For the word "Hold", work out how many lines in the records below contain it and state that count alone.

Collected data
+-------+
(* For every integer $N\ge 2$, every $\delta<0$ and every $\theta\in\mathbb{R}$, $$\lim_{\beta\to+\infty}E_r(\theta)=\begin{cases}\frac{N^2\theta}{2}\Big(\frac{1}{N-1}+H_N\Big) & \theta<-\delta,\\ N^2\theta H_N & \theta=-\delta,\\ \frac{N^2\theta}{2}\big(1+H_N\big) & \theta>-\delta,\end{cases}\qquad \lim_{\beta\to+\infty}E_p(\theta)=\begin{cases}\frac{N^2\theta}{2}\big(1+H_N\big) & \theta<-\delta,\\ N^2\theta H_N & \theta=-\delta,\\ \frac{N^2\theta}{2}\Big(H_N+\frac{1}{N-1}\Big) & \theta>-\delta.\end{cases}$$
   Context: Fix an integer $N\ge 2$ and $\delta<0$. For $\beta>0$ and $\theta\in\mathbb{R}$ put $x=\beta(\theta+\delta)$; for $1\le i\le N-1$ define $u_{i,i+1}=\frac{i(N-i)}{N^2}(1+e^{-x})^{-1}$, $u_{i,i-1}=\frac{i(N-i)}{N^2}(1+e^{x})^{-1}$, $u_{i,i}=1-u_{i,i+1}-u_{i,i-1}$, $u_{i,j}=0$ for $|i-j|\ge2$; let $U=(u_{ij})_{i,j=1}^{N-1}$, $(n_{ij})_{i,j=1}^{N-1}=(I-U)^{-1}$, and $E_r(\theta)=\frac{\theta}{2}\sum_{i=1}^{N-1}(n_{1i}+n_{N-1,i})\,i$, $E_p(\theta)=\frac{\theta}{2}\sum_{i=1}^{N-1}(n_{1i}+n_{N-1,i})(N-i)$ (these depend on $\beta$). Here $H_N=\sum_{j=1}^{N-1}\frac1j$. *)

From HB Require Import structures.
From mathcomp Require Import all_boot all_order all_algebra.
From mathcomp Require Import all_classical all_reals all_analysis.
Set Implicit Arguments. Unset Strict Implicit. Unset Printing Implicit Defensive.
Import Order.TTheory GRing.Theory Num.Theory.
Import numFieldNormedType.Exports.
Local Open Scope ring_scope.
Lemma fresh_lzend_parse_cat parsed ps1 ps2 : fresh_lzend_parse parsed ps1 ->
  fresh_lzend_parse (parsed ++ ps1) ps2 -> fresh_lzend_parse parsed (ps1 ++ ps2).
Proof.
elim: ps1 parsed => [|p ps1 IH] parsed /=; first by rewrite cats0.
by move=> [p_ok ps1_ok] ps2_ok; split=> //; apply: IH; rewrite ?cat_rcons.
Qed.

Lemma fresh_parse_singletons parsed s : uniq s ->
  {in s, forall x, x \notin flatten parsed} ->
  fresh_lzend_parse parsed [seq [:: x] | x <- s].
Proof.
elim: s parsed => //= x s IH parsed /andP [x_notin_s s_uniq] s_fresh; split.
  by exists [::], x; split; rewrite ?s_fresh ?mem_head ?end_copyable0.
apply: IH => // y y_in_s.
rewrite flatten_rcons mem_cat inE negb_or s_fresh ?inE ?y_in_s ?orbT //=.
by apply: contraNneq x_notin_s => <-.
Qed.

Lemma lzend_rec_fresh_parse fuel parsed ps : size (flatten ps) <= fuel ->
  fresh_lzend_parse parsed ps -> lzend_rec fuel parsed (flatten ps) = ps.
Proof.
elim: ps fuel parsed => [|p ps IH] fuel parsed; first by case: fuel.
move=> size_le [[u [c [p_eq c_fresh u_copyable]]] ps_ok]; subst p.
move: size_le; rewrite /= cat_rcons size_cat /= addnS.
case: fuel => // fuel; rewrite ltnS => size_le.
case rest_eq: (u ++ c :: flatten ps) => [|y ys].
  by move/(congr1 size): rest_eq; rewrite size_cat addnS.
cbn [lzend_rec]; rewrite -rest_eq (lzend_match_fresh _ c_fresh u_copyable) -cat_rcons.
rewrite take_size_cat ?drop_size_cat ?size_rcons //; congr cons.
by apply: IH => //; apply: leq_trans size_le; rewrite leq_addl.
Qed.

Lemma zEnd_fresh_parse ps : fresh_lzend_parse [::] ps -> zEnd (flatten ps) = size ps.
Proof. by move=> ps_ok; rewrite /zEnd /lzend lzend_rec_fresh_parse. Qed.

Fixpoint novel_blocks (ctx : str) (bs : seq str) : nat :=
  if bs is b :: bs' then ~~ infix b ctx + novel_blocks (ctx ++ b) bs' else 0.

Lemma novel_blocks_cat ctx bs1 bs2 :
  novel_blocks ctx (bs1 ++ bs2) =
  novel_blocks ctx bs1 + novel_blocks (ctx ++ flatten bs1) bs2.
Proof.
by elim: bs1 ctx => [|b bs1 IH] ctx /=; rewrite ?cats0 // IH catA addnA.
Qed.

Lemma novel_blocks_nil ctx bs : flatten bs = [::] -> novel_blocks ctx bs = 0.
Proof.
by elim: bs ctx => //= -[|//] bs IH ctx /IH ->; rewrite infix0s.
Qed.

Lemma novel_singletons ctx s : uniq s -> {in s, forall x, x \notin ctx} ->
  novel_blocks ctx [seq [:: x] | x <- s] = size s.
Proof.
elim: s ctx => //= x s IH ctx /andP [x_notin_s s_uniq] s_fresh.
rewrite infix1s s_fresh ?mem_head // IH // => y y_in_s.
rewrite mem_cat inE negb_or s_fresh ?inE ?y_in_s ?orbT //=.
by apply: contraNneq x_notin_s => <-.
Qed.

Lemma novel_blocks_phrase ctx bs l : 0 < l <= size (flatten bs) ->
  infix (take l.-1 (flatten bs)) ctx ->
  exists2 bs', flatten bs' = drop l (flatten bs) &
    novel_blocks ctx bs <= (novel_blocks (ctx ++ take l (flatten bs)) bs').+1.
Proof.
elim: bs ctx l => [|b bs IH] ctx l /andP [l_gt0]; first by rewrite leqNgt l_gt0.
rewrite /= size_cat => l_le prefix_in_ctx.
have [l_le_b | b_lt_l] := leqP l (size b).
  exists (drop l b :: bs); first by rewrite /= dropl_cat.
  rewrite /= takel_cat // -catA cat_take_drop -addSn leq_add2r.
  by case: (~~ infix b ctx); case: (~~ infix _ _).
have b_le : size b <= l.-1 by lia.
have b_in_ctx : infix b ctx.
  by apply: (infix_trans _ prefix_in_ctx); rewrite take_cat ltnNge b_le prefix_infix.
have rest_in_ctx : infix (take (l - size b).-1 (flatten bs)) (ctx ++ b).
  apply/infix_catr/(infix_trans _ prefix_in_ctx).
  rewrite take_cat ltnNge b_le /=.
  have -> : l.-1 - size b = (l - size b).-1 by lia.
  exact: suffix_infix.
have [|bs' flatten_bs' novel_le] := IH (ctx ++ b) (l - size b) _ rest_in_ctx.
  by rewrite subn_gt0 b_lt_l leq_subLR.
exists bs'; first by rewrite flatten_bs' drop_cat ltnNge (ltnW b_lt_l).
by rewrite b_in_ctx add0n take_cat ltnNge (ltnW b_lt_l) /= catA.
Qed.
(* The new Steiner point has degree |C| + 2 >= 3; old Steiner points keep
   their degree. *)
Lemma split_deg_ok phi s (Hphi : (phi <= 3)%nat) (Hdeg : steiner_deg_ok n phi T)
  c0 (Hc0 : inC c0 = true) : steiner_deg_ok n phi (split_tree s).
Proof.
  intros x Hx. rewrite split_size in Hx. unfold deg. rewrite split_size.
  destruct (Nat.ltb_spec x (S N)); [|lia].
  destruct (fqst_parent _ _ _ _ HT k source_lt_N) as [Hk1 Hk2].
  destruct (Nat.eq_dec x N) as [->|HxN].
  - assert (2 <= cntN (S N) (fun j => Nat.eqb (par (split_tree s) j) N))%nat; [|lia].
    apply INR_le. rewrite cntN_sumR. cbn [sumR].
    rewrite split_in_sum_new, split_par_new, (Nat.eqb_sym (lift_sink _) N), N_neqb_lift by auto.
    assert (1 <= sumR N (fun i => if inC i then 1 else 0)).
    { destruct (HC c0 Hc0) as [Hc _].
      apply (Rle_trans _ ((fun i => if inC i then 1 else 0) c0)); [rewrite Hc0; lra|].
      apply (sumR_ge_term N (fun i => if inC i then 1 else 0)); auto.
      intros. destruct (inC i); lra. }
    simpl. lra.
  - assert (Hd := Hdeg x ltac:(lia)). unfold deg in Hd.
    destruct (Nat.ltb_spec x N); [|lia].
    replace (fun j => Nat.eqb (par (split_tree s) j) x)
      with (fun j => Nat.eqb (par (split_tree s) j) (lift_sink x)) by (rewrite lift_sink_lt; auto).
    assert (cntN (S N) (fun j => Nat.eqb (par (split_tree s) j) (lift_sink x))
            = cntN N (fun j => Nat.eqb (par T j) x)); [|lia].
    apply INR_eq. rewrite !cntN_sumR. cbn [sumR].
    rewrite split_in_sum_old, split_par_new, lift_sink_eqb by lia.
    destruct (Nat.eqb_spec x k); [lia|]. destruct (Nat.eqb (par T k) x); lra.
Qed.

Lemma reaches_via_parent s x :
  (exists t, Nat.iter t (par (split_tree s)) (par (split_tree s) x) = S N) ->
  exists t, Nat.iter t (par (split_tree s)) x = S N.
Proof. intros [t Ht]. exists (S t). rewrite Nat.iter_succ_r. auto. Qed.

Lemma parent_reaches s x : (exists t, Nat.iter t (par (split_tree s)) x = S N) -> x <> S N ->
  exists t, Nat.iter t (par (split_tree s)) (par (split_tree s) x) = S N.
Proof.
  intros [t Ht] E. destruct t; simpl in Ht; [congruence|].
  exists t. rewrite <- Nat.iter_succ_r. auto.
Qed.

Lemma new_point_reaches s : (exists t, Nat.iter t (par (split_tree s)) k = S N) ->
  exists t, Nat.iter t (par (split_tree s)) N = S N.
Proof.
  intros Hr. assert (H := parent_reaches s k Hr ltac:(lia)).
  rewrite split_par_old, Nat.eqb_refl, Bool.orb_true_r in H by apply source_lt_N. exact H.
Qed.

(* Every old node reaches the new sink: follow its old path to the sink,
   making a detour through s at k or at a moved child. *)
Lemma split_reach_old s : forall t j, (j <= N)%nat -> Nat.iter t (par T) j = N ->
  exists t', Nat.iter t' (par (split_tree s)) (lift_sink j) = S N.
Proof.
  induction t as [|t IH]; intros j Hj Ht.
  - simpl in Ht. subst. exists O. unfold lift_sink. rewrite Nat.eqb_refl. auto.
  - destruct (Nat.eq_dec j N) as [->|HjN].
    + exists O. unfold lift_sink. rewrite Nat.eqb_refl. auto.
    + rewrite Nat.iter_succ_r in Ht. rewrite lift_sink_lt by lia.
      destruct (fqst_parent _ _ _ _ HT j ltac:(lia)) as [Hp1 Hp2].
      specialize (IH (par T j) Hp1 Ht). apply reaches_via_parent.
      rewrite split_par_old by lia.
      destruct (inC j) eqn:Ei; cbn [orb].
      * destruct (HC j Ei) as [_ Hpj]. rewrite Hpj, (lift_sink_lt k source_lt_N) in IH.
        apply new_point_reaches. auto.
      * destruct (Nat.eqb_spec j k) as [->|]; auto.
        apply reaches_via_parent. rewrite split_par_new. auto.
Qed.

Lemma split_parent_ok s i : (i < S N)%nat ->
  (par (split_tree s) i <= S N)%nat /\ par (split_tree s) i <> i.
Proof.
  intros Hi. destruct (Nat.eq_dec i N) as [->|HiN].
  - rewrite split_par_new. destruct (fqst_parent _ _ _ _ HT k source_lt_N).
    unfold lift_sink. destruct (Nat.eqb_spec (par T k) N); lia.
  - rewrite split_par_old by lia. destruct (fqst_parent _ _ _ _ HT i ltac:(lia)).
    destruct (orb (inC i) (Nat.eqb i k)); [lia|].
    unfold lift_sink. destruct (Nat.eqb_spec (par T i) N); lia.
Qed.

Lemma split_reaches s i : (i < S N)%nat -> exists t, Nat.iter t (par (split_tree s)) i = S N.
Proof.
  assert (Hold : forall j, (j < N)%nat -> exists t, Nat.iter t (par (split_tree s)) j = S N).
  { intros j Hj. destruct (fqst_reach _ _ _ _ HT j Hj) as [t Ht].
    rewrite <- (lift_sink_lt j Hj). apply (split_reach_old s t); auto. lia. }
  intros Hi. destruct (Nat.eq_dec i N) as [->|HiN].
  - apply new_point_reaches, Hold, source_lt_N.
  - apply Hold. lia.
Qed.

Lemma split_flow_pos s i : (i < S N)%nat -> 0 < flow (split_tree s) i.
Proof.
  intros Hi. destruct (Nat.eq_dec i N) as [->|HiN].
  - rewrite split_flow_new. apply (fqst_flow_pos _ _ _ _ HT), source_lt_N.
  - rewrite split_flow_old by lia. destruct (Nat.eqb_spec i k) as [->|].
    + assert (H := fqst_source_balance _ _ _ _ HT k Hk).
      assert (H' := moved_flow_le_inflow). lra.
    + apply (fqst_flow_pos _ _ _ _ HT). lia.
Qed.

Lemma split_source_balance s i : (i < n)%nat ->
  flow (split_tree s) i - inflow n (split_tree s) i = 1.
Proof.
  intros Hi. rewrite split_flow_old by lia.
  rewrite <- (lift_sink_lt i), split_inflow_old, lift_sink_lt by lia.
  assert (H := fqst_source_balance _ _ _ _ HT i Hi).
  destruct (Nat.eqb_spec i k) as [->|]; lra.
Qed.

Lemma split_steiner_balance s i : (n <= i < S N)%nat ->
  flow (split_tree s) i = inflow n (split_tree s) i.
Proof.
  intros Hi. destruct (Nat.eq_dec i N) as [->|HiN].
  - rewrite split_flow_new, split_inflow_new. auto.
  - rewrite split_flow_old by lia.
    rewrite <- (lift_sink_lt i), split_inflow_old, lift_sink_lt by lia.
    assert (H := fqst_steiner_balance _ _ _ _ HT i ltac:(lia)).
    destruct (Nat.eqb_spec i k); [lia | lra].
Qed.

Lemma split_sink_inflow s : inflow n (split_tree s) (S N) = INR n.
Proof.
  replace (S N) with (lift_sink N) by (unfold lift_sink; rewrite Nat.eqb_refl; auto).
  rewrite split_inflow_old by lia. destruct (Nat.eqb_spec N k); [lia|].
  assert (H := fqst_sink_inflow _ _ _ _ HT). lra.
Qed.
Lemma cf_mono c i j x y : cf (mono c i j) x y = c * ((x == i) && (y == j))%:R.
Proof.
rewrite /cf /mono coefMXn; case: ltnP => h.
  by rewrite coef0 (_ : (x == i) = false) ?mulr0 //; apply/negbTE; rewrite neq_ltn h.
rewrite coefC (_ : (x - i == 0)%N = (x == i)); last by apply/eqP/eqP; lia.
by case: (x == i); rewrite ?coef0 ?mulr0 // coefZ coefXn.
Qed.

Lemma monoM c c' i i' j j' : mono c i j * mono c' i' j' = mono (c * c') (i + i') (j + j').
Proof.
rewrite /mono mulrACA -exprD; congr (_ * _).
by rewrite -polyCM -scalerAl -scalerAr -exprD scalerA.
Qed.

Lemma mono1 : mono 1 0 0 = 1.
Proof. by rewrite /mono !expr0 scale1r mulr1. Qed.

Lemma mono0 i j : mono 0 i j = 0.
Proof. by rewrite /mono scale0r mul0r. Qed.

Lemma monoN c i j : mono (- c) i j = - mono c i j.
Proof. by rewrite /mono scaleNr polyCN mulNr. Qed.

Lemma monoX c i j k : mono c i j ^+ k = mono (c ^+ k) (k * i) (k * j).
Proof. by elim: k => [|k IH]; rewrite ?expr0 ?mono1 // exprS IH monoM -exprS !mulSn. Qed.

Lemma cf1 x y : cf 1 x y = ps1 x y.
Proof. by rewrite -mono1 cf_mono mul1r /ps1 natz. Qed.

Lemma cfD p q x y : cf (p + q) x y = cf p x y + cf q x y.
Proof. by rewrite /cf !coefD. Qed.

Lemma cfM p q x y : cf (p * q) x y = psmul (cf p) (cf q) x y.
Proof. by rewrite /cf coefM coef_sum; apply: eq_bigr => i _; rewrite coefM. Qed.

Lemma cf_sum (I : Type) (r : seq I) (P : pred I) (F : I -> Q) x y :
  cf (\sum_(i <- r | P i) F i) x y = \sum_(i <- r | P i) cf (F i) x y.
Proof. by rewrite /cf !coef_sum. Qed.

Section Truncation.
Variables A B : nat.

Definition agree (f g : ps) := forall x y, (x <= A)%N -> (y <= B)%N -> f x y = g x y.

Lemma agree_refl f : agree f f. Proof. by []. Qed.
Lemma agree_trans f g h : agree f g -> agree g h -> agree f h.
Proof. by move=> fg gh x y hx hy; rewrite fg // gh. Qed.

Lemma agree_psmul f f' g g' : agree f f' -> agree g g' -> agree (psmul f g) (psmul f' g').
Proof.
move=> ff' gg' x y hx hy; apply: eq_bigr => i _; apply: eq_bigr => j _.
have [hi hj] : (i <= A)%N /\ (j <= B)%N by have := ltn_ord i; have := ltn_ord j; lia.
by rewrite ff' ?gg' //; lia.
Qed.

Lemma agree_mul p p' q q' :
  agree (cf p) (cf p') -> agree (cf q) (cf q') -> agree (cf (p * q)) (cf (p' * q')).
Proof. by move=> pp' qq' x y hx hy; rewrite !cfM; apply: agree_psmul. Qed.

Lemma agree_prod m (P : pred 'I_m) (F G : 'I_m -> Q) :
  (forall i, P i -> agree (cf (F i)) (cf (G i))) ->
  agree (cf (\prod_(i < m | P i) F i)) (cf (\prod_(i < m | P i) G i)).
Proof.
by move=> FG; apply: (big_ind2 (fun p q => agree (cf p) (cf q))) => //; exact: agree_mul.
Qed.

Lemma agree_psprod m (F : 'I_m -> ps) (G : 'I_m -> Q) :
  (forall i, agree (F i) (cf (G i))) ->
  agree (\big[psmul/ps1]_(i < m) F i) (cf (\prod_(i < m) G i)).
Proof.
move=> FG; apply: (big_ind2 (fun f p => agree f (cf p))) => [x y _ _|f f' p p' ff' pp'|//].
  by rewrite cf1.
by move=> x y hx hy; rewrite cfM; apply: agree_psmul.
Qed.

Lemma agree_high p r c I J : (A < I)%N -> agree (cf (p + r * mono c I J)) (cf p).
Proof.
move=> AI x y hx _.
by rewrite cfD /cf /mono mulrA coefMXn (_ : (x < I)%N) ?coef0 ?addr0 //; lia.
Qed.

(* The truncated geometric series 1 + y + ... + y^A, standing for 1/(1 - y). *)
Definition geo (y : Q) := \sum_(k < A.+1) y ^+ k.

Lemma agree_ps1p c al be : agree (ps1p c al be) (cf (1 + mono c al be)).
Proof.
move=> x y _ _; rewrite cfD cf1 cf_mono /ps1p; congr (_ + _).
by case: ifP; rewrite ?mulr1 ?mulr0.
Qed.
+-------+
RESULT OF THIS TASK: 3